▶ _YOUR TASK_: Report the number of lines in the entries below that include the word "closure", and nothing else.

▶ _SUPPLIED RECORDS_:

(* Each of the following collections of team model properties is forgetting: (1) the collection of all bisimulation invariant, non-empty, downward closed and union closed team properties; (2) the collection of all bisimulation invariant, non-empty, downward closed team properties; (3) the collection of all bisimulation invariant, non-empty, union closed team properties.
   Context: Fix a set $Prop$ of letters. Kripke models $M=(W,R,V)$, $V:W\to\mathcal P(Prop)$; team models $(M,X)$, $X\subseteq W$. A team (model) property is a class $\mathcal C$ of team models. For a set $\mathcal P$ of letters, $(M,w)\rightleftharpoons_{\mathcal P}(N,v)$: some relation containing $(w,v)$ has all pairs agreeing on letters of $\mathcal P$ and satisfying forth and back conditions for the accessibility relations; $(M,X)\rightleftharpoons_{\mathcal P}(N,Y)$: each $x\in X$ is $\mathcal P$-bisimilar to some $y\in Y$ and each $y\in Y$ to some $x\in X$. $\mathcal C$ is bisimulation invariant if $(M,X)\in\mathcal C$ and $(M,X)\rightleftharpoons_{Prop}(N,Y)$ imply $(N,Y)\in\mathcal C$; non-empty if $\mathcal C\neq\emptyset$; downward closed if $(M,X)\in\mathcal C$ and $Y\subseteq X$ imply $(M,Y)\in\mathcal C$; union closed if $(M,X_i)\in\mathcal C$ for all $i$ implies $(M,\bigcup_iX_i)\in\mathcal C$. For $Q\subseteq Prop$, $\mathcal C_{\sim Q}=\{(N,Y):\exists(M,X)\in\mathcal C,\ (N,Y)\rightleftharpoons_{Prop\setminus Q}(M,X)\}$. A collection $\mathcal T$ of team properties is forgetting if $\mathcal C_{\sim Q}\in\mathcal T$ for every $\mathcal C\in\mathcal T$ and every finite $Q\subseteq Prop$. *)

From Stdlib Require Import List.

Section Defs.
Variable Letter : Type.

Record kmodel : Type := KModel {
  world : Type;
  acc : world -> world -> Prop;
  val : world -> Letter -> Prop
}.

Record teamModel : Type := TeamModel {
  tm_model : kmodel;
  tm_team : world tm_model -> Prop
}.

Definition teamProperty := teamModel -> Prop.

Definition bisim (P : Letter -> Prop) (M N : kmodel) (w : world M) (v : world N) : Prop :=
  exists Z : world M -> world N -> Prop,
    Z w v /\
    forall x y, Z x y ->
      (forall p, P p -> (val M x p <-> val N y p)) /\
      (forall x', acc M x x' -> exists y', acc N y y' /\ Z x' y') /\
      (forall y', acc N y y' -> exists x', acc M x x' /\ Z x' y').

Definition team_bisim (P : Letter -> Prop) (MX NY : teamModel) : Prop :=
  (forall x, tm_team MX x -> exists y, tm_team NY y /\ bisim P (tm_model MX) (tm_model NY) x y) /\
  (forall y, tm_team NY y -> exists x, tm_team MX x /\ bisim P (tm_model MX) (tm_model NY) x y).

Definition allLetters : Letter -> Prop := fun _ => True.

Definition bisim_invariant (C : teamProperty) : Prop :=
  forall MX NY, C MX -> team_bisim allLetters MX NY -> C NY.

Definition nonempty_prop (C : teamProperty) : Prop := exists MX, C MX.

Definition downward_closed (C : teamProperty) : Prop :=
  forall (M : kmodel) (X Y : world M -> Prop),
    C (TeamModel M X) -> (forall w, Y w -> X w) -> C (TeamModel M Y).

Definition union_closed (C : teamProperty) : Prop :=
  forall (M : kmodel) (I : Type) (X : I -> world M -> Prop),
    (forall i, C (TeamModel M (X i))) ->
    C (TeamModel M (fun w => exists i, X i w)).

(* C_{~Q}, Q a finite set of letters given as a list *)
Definition forget (C : teamProperty) (Q : list Letter) : teamProperty :=
  fun NY => exists MX, C MX /\ team_bisim (fun p => ~ In p Q) NY MX.

Definition forgetting (T : teamProperty -> Prop) : Prop :=
  forall C, T C -> forall Q : list Letter, T (forget C Q).

End Defs.

(* Bisimilarity with respect to a set of letters is an equivalence that only
   weakens when the set shrinks, so C_{~Q} is bisimulation invariant for any
   C, and non-empty whenever C is.  Downward closure: a subteam Y' of a
   team Y related to a witness (M, X) is related to the subteam of X of
   worlds bisimilar to some world of Y'.  Union closure: choose a witness
   (M_i, Y_i) for each X_i, move them all into the disjoint union of the
   models M_i, where they remain in C by bisimulation invariance, and take the
   union there. *)
From Stdlib Require Import List ClassicalEpsilon Eqdep.

Section Forgetting.
Variable Letter : Type.

Notation kmodel := (kmodel Letter).
Notation teamModel := (teamModel Letter).
Notation TeamModel := (TeamModel Letter).
Notation world := (world Letter).
Notation acc := (acc Letter).
Notation val := (val Letter).
Notation tm_model := (tm_model Letter).
Notation tm_team := (tm_team Letter).
Notation bisim := (bisim Letter).
Notation team_bisim := (team_bisim Letter).
Notation forget := (forget Letter).

Lemma bisim_weaken (P P' : Letter -> Prop) M N w v :
  (forall p, P' p -> P p) -> bisim P M N w v -> bisim P' M N w v.
Proof.
  intros HP [Z [Zwv HZ]]. exists Z. split; [exact Zwv |].
  intros x y Zxy. destruct (HZ x y Zxy) as [Hval [Hforth Hback]].
  split; [intros p Hp; apply Hval, HP, Hp | auto].
Qed.

Lemma bisim_refl P M w : bisim P M M w w.
Proof.
  exists eq. split; [reflexivity |].
  intros x y <-. split; [tauto | split; intros x' H; exists x'; auto].
Qed.

Lemma bisim_sym P M N w v : bisim P M N w v -> bisim P N M v w.
Proof.
  intros [Z [Zwv HZ]]. exists (fun y x => Z x y). split; [exact Zwv |].
  intros y x Zxy. destruct (HZ x y Zxy) as [Hval [Hforth Hback]].
  split; [intros p Hp; symmetry; apply Hval, Hp | auto].
Qed.

Lemma bisim_trans P M N K u v w :
  bisim P M N u v -> bisim P N K v w -> bisim P M K u w.
Proof.
  intros [Z1 [Z1uv HZ1]] [Z2 [Z2vw HZ2]].
  exists (fun x z => exists y, Z1 x y /\ Z2 y z). split; [eauto |].
  intros x z [y [Z1xy Z2yz]].
  destruct (HZ1 x y Z1xy) as [Hval1 [Hforth1 Hback1]].
  destruct (HZ2 y z Z2yz) as [Hval2 [Hforth2 Hback2]].
  split; [| split].
  - intros p Hp. rewrite Hval1, Hval2 by exact Hp. reflexivity.
  - intros x' Hx'. destruct (Hforth1 x' Hx') as [y' [Hy' Z1']].
    destruct (Hforth2 y' Hy') as [z' [Hz' Z2']]. eauto.
  - intros z' Hz'. destruct (Hback2 z' Hz') as [y' [Hy' Z2']].
    destruct (Hback1 y' Hy') as [x' [Hx' Z1']]. eauto.
Qed.

Lemma team_bisim_weaken (P P' : Letter -> Prop) A B :
  (forall p, P' p -> P p) -> team_bisim P A B -> team_bisim P' A B.
Proof.
  intros HP [Hforth Hback]. split.
  - intros x Hx. destruct (Hforth x Hx) as [y [Hy Hxy]].
    exists y. split; [exact Hy | exact (bisim_weaken _ _ _ _ _ _ HP Hxy)].
  - intros y Hy. destruct (Hback y Hy) as [x [Hx Hxy]].
    exists x. split; [exact Hx | exact (bisim_weaken _ _ _ _ _ _ HP Hxy)].
Qed.

Lemma team_bisim_refl P A : team_bisim P A A.
Proof. split; intros x Hx; exists x; split; auto; apply bisim_refl. Qed.

Lemma team_bisim_sym P A B : team_bisim P A B -> team_bisim P B A.
Proof.
  intros [Hforth Hback]. split.
  - intros y Hy. destruct (Hback y Hy) as [x [Hx Hxy]].
    exists x. split; [exact Hx | apply bisim_sym, Hxy].
  - intros x Hx. destruct (Hforth x Hx) as [y [Hy Hxy]].
    exists y. split; [exact Hy | apply bisim_sym, Hxy].
Qed.

Lemma team_bisim_trans P A B C :
  team_bisim P A B -> team_bisim P B C -> team_bisim P A C.
Proof.
  intros [HforthAB HbackAB] [HforthBC HbackBC]. split.
  - intros x Hx. destruct (HforthAB x Hx) as [y [Hy Hxy]].
    destruct (HforthBC y Hy) as [z [Hz Hyz]].
    exists z. split; [exact Hz | eapply bisim_trans; eauto].
  - intros z Hz. destruct (HbackBC z Hz) as [y [Hy Hyz]].
    destruct (HbackAB y Hy) as [x [Hx Hxy]].
    exists x. split; [exact Hx | eapply bisim_trans; eauto].
Qed.

Lemma team_bisim_union P (M N : kmodel) (I : Type)
    (X : I -> world M -> Prop) (Y : I -> world N -> Prop) :
  (forall i, team_bisim P (TeamModel M (X i)) (TeamModel N (Y i))) ->
  team_bisim P (TeamModel M (fun w => exists i, X i w))
               (TeamModel N (fun v => exists i, Y i v)).
Proof.
  intros HXY. split.
  - intros x [i Hx]. destruct (proj1 (HXY i) x Hx) as [y [Hy Hxy]].
    exists y. split; [exists i; exact Hy | exact Hxy].
  - intros y [i Hy]. destruct (proj2 (HXY i) y Hy) as [x [Hx Hxy]].
    exists x. split; [exists i; exact Hx | exact Hxy].
Qed.

Section DisjointUnion.
Variables (I : Type) (F : I -> teamModel).

Definition sum_model : kmodel :=
  KModel Letter {i : I & world (tm_model (F i))}
    (fun s t => exists i a b,
       s = existT _ i a /\ t = existT _ i b /\ acc (tm_model (F i)) a b)
    (fun s => val (tm_model (F (projT1 s))) (projT2 s)).

Definition sum_team (i : I) : world sum_model -> Prop :=
  fun s => exists a, s = existT _ i a /\ tm_team (F i) a.

Lemma bisim_sum_model i a :
  bisim (allLetters Letter) (tm_model (F i)) sum_model a (existT _ i a).
Proof.
  exists (fun a s => s = existT _ i a). split; [reflexivity |].
  intros x s ->. split; [| split].
  - intros p _. reflexivity.
  - intros x' Hx'. exists (existT _ i x'). split; [exists i, x, x'; auto | reflexivity].
  - intros t [j [a' [b [Hs [-> Hacc]]]]].
    assert (i = j) as <- by exact (f_equal (@projT1 _ _) Hs).
    apply inj_pairT2 in Hs as <-. eauto.
Qed.

Lemma team_bisim_sum_team i :
  team_bisim (allLetters Letter) (F i) (TeamModel sum_model (sum_team i)).
Proof.
  split.
  - intros a Ha. exists (existT _ i a).
    split; [exists a; auto | apply bisim_sum_model].
  - intros s [a [-> Ha]]. exists a. split; [exact Ha | apply bisim_sum_model].
Qed.

End DisjointUnion.

Lemma allLetters_top (P : Letter -> Prop) p : P p -> allLetters Letter p.
Proof. intros _. exact I. Qed.

Lemma forget_bisim_invariant C Q : bisim_invariant Letter (forget C Q).
Proof.
  intros NY NY' [MX [HC HNM]] HNN'. exists MX. split; [exact HC |].
  eapply team_bisim_trans; [| exact HNM].
  apply team_bisim_sym. eapply team_bisim_weaken; [apply allLetters_top | exact HNN'].
Qed.

Lemma forget_nonempty C Q :
  nonempty_prop Letter C -> nonempty_prop Letter (forget C Q).
Proof. intros [MX HC]. exists MX, MX. split; [exact HC | apply team_bisim_refl]. Qed.

Lemma forget_downward_closed C Q :
  downward_closed Letter C -> downward_closed Letter (forget C Q).
Proof.
  intros HC N Y Y' [[M X] [HMX [Hforth _]]] HY'.
  set (P := fun p => ~ In p Q).
  exists (TeamModel M (fun x => X x /\ exists y, Y' y /\ bisim P N M y x)).
  split; [| split].
  - apply (HC M X); [exact HMX | tauto].
  - intros y Hy. destruct (Hforth y (HY' y Hy)) as [x [Hx Hyx]].
    exists x. repeat split; eauto.
  - intros x [_ [y [Hy Hyx]]]. eauto.
Qed.

Lemma forget_union_closed C Q :
  bisim_invariant Letter C -> union_closed Letter C ->
  union_closed Letter (forget C Q).
Proof.
  intros Hinv Hunion N I X HX.
  set (P := fun p => ~ In p Q).
  destruct (choice _ HX) as [F HF].
  assert (HXsum : forall i,
      team_bisim P (TeamModel N (X i)) (TeamModel (sum_model I F) (sum_team I F i))).
  { intro i. eapply team_bisim_trans; [apply HF |].
    eapply team_bisim_weaken; [apply allLetters_top | apply team_bisim_sum_team]. }
  assert (HCsum : forall i, C (TeamModel (sum_model I F) (sum_team I F i))).
  { intro i. eapply Hinv; [apply HF | apply team_bisim_sum_team]. }
  eexists. split; [apply Hunion, HCsum | apply team_bisim_union, HXsum].
Qed.

End Forgetting.

Theorem mainTheorem12 (Letter : Type) :
  forgetting Letter (fun C => bisim_invariant Letter C /\ nonempty_prop Letter C /\
                              downward_closed Letter C /\ union_closed Letter C) /\
  forgetting Letter (fun C => bisim_invariant Letter C /\ nonempty_prop Letter C /\
                              downward_closed Letter C) /\
  forgetting Letter (fun C => bisim_invariant Letter C /\ nonempty_prop Letter C /\
                              union_closed Letter C).
Proof.
  split; [| split]; intros C HC Q.
  - destruct HC as (Hinv & Hne & Hdc & Huc).
    repeat split; auto using forget_bisim_invariant, forget_nonempty,
                             forget_downward_closed, forget_union_closed.
  - destruct HC as (_ & Hne & Hdc).
    repeat split; auto using forget_bisim_invariant, forget_nonempty,
                             forget_downward_closed.
  - destruct HC as (Hinv & Hne & Huc).
    repeat split; auto using forget_bisim_invariant, forget_nonempty,
                             forget_union_closed.
Qed.
(* Let $A$ be a rational matrix. Then $A$ is totally equimodular if and only if every matrix obtained from $A$ by a finite (possibly empty) sequence of pivots and trims is essentially $0,\pm1$.
   Context: An $m\times n$ matrix is equimodular if it has full row rank $m$ and all its nonzero $m\times m$ minors have the same absolute value. A matrix is totally equimodular if every set of linearly independent rows of it forms an equimodular matrix. A pivot of a matrix $A$ is a position $p=(i,j)$ with $A_i^j\neq 0$. The $p$-pivot $A/p$ is obtained from $A$ by dividing row $i$ by $A_i^j$ and then adding suitable multiples of this new row to the other rows so that column $j$ becomes the $i$-th unit vector. The $p$-trim $A/\!\!/p$ is obtained from $A/p$ by deleting row $i$ and column $j$. A matrix is essentially $0,\pm1$ if, in each row, all nonzero entries have the same absolute value. *)

From HB Require Import structures.
From mathcomp Require Import all_boot all_order all_algebra.
Set Implicit Arguments. Unset Strict Implicit. Unset Printing Implicit Defensive.
Import Order.TTheory GRing.Theory Num.Theory.
Local Open Scope ring_scope.

(* A k x k minor is given by an injective
   choice of k columns (reordering columns only changes the sign). *)
Definition equimodular (k n : nat) (B : 'M[rat]_(k, n)) : Prop :=
  row_free B /\
  forall f g : 'I_k -> 'I_n, injective f -> injective g ->
    \det (colsub f B) != 0 -> \det (colsub g B) != 0 ->
    `|\det (colsub f B)| = `|\det (colsub g B)|.

Definition totally_equimodular (m n : nat) (A : 'M[rat]_(m, n)) : Prop :=
  forall (k : nat) (r : 'I_k -> 'I_m), injective r ->
    row_free (rowsub r A) -> equimodular (rowsub r A).

Definition pivot (m n : nat) (A : 'M[rat]_(m, n)) (i : 'I_m) (j : 'I_n)
  : 'M[rat]_(m, n) :=
  \matrix_(r, c) if r == i then A i c / A i j
                 else A r c - A r j * (A i c / A i j).

Definition trim (m n : nat) (A : 'M[rat]_(m, n)) (i : 'I_m) (j : 'I_n)
  : 'M[rat]_(m.-1, n.-1) :=
  row' i (col' j (pivot A i j)).

Definition essentially01 (m n : nat) (A : 'M[rat]_(m, n)) : Prop :=
  forall (r : 'I_m) (c c' : 'I_n), A r c != 0 -> A r c' != 0 ->
    `|A r c| = `|A r c'|.

Inductive reach (m n : nat) (A : 'M[rat]_(m, n)) : forall p q : nat, 'M[rat]_(p, q) -> Prop :=
| reach_refl : reach A A
| reach_pivot (p q : nat) (B : 'M[rat]_(p, q)) (i : 'I_p) (j : 'I_q) :
    reach A B -> B i j != 0 -> reach A (pivot B i j)
| reach_trim (p q : nat) (B : 'M[rat]_(p, q)) (i : 'I_p) (j : 'I_q) :
    reach A B -> B i j != 0 -> reach A (trim B i j).

From HB Require Import structures.
From mathcomp Require Import all_boot all_order all_algebra.
Set Implicit Arguments. Unset Strict Implicit. Unset Printing Implicit Defensive.
Import Order.TTheory GRing.Theory Num.Theory.
Local Open Scope ring_scope.

(* A pivot at (i, j) multiplies every row submatrix through row i on the left
   by an invertible matrix of determinant 1 / A i j, so its minors are scaled
   uniformly; a row submatrix avoiding row i is enlarged by row i, in which
   column j of the pivoted matrix becomes a unit vector, and its minors are
   minors of the enlarged matrix.  Hence pivots and trims preserve total
   equimodularity, and single rows show that a totally equimodular matrix is
   essentially 0,+-1.
   Conversely, two nonzero k x k minors sharing a column are compared by
   pivoting on a nonzero entry of that column and expanding along it: both
   become |a| times (k-1) x (k-1) minors of the pivoted matrix, which still
   only reaches essentially 0,+-1 matrices, so induction on k applies.  Two
   arbitrary nonzero minors are linked through a third one by a Steinitz
   exchange, which trades one column of the first for a column of the second
   while keeping the minor nonzero. *)

Lemma sum_delta (R : pzSemiRingType) k (s : 'I_k) (F : 'I_k -> R) : \sum_t (t == s)%:R * F t = F s.
Proof.
rewrite (bigD1 s) //= big1 ?addr0 ?eqxx ?mul1r // => t /negbTE ->.
by rewrite mul0r.
Qed.

Lemma det_neq0_col (R : comPzRingType) k (M : 'M[R]_k) t :
  \det M != 0 -> exists u, M u t != 0.
Proof.
move=> dM; apply/existsP; apply: contraNT dM; rewrite negb_exists => /forallP M0.
rewrite (expand_det_col M t) big1 // => u _.
by move/negPn: (M0 u) => /eqP->; rewrite mul0r.
Qed.

Lemma det_delta_col (R : comPzRingType) k (M : 'M[R]_k) s t :
  (forall u, M u t = (u == s)%:R) -> \det M = cofactor M s t.
Proof.
move=> Mt; rewrite (expand_det_col M t) (bigD1 s) //= big1 ?addr0.
  by rewrite Mt eqxx mul1r.
by move=> u /negbTE us; rewrite Mt us mul0r.
Qed.

Section RankMinors.
Variable F : fieldType.

Lemma row_free_det_colsubP k n (B : 'M[F]_(k, n)) :
  reflect (exists f : 'I_k -> 'I_n, \det (colsub f B) != 0) (row_free B).
Proof.
apply: (iffP idP) => [Bfree | [f dBf]].
  have BTfull : row_full B^T by rewrite /row_full mxrank_tr.
  exists (fullrankfun BTfull).
  by rewrite -det_tr trmx_mxsub -unitfE -unitmxE fullrowsub_unit.
have : \rank (colsub f B) = k by apply: mxrank_unit; rewrite unitmxE unitfE.
move=> rkf; rewrite /row_free eqn_leq rank_leq_row -[X in (X <= _)%N]rkf.
by rewrite -[B in colsub _ B]mulmx1 -mulmx_colsub mxrankM_maxl.
Qed.

Lemma row_free_colsub k n n' (B : 'M[F]_(k, n)) (g : 'I_n' -> 'I_n) :
  row_free (colsub g B) -> row_free B.
Proof.
case/row_free_det_colsubP => f; rewrite -colsub_comp => dBgf.
by apply/row_free_det_colsubP; exists (g \o f).
Qed.
Section Prime.
Variable p : {poly R}.
Hypotheses (p_prime : primeRX p) (p_size : (1 < size p)%N).

Let p0 : p != 0. Proof. by rewrite -size_poly_gt0 ltnW. Qed.

Lemma prime_pow_dvd_mulr n f y : ~ dvdRX p y -> dvdRX (p ^+ n) (f * y) -> dvdRX (p ^+ n) f.
Proof.
move=> pNy; elim: n f => [|n IH] f pn; first by exists f; rewrite expr0 mulr1.
have [f1 ef] : dvdRX (p ^+ n) f.
  by apply: IH; case: pn => t et; exists (t * p); rewrite et exprSr; ring.
have [t et] := pn; have e : f1 * y = t * p.
  by apply: (mulIf (expf_neq0 n p0)); rewrite mulrAC -ef et exprSr; ring.
case: (@p_prime f1 y) => [|[f2 ef2]|//]; first by exists t.
by exists f2; rewrite ef ef2 exprSr; ring.
Qed.

Lemma dvd_prime_pow (c : {poly R}) n : dvdRX c (p ^+ n) -> c \is a GRing.unit \/ dvdRX p c.
Proof.
elim: n c => [|n IH] c [e he].
  by left; apply/unitrPr; exists e; rewrite mulrC -he expr0.
case: (@p_prime e c); [by exists (p ^+ n); rewrite -he exprSr | | by right].
by case=> e' ee; apply: IH; exists e'; apply: (mulIf p0); rewrite -exprSr he ee; ring.
Qed.

Lemma coprime_prime_pow n f : ~ dvdRX p f -> coprimeRX (p ^+ n) f.
Proof.
move=> pNf c cpn cf; case: (dvd_prime_pow cpn) => // pc.
by case: pNf; exact: dvdRX_trans pc cf.
Qed.
Lemma times_unit_saturated A gamma i : unit_saturated (times A gamma i).
Proof.
  intros k t t' Ht Ht' [ds [Hrun <-]].
  set (a := time_of ds i - INR k); set (b := t' - INR k).
  assert (Ha : 0 < a < 1) by (unfold a; lra).
  assert (Hb : 0 < b < 1) by (unfold b; lra).
  exists (warp_delays (unit_warp a b) 0 ds); split.
  - apply (run_from_warp _ (unit_warp_strict a b Ha Hb) (unit_warp_shift a b)
      _ _ 0 (fun _ => 0) zero_val) with (3 := Hrun);
      intro c; unfold zero_val; ring.
  - rewrite time_of_warp_delays, Rplus_0_l, unit_warp_0 by lra.
    replace (time_of ds i) with (INR k + a) by (unfold a; ring).
    rewrite unit_warp_nat_add by lra; unfold b; ring.
Qed.

Theorem proposition2 (A : eNTA) (gamma : list transition) :
  well_formed A -> is_path A gamma -> reachable A gamma ->
  forall i : nat, (1 <= i <= length gamma)%nat ->
    integral_point (times A gamma i) \/ integral_interval (times A gamma i).
Proof.
  intros _ _ [ds Hrun] i _.
  apply unit_saturated_integral_shape.
  - apply times_nonneg.
  - apply times_order_convex.
  - apply times_unit_saturated.
  - now exists (time_of ds i), ds.
Qed.
(* (O1): N internal non-bud, premise of a (Subst) step.  The subtree rooted *)
(* at N (keeping N's identity) becomes a new tree; N's former position is   *)
(* taken by a fresh bud b labelled S(N) whose companion is N.               *)
Definition op1 T T' : Prop :=
  exists N b,
    [/\ N \in nodes T, is_internal T N, subst_premise T N,
        b \notin nodes T &
        T' = TSet (b :: nodes T) (upd (lab T) b (lab T N))
                  (upd (app_repl T N b) b None) (upd (comp T) b N)].

(* (O2): C a non-root companion.  The subtree rooted at C (keeping C's      *)
(* identity, so C plays the role of C*, companion of the buds formerly      *)
(* pointing to C) becomes a new tree; C's former position is taken by a     *)
(* fresh node x labelled S(C), conclusion of (Subst) with the empty          *)
(* substitution, whose premise is a fresh bud b with companion C.           *)
Definition op2 T T' : Prop :=
  exists C x b,
    [/\ C \in nodes T, is_companion T C, ~ is_root T C,
        [/\ x \notin nodes T, b \notin nodes T & x != b] &
        T' = TSet (x :: b :: nodes T)
                  (upd (upd (lab T) x (lab T C)) b (lab T C))
                  (upd (upd (app_repl T C x) x
                      (Some (RSubst (empty_subst L), [:: b]))) b None)
                  (upd (comp T) b C)].

Definition op3 T T' : Prop :=
  exists B b,
    [/\ B \in nodes T, is_bud T B, other_premise T B, b \notin nodes T &
        T' = TSet (b :: nodes T) (upd (lab T) b (lab T B))
                  (upd (upd (app T) B (Some (RSubst (empty_subst L), [:: b]))) b None)
                  (upd (comp T) b (comp T B))].

Definition norm_step T T' : Prop := op1 T T' \/ op2 T T' \/ op3 T T'.

Definition normal T : Prop := forall T', ~ norm_step T T'.

Definition normalises T0 T : Prop :=
  clos_refl_trans (tset L) norm_step T0 T /\ normal T.

Fixpoint child_chain T (x : nat) (l : seq nat) : Prop :=
  match l with
  | [::] => True
  | y :: l' => is_parent T x y /\ child_chain T y l'
  end.

Definition rb_path T (l : seq nat) (H B : nat) : Prop :=
  exists R mid,
    [/\ l = R :: rcons mid B, H = last R mid, is_root T R,
        child_chain T R (rcons mid B) &
        is_bud T B /\ (forall x, x \in R :: mid -> ~ is_bud T x)].

End TreeSets.

From Pilot Require Import Defs.
From Stdlib Require Import Relations.
From mathcomp Require Import all_boot zify boolp.
Set Implicit Arguments. Unset Strict Implicit. Unset Printing Implicit Defensive.

(* Each of the operations (O1)-(O3) keeps a pre-proof tree-set a pre-proof
   tree-set, keeps every root (with its label), and strictly decreases
   2 * #(non-root companions) + #(buds that are premises of a non-(Subst) rule)
   + #(internal nodes that are premises of a (Subst) step), so normalisation
   terminates.  In a normal form no internal node is a (Subst) premise and the
   parent of every bud is a (Subst)-node.  On an rb-path [R, ..., H, B] every
   node before B has a child on the path and is therefore internal, so B is the
   only (Subst) premise; and a (Subst)-node on the path has a (Subst)-premise
   child on the path, which must be B, so it is H. *)

Definition pcount (P : nat -> Prop) (s : seq nat) : nat := count (fun n => `[< P n >]) s.

Lemma pcount_cons P n s : pcount P (n :: s) = `[< P n >] + pcount P s.
Proof. by []. Qed.

Lemma pcount_le (P Q : nat -> Prop) s :
  {in s, forall n, P n -> Q n} -> pcount P s <= pcount Q s.
Proof.
elim: s => //= y s IH PQ; apply: leq_add; last by apply: IH => n ns; apply: PQ; rewrite inE ns orbT.
by case: asboolP => // Py; rewrite (asboolT (PQ y (mem_head y s) Py)).
Qed.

▶ _ANSWER BELOW_: 2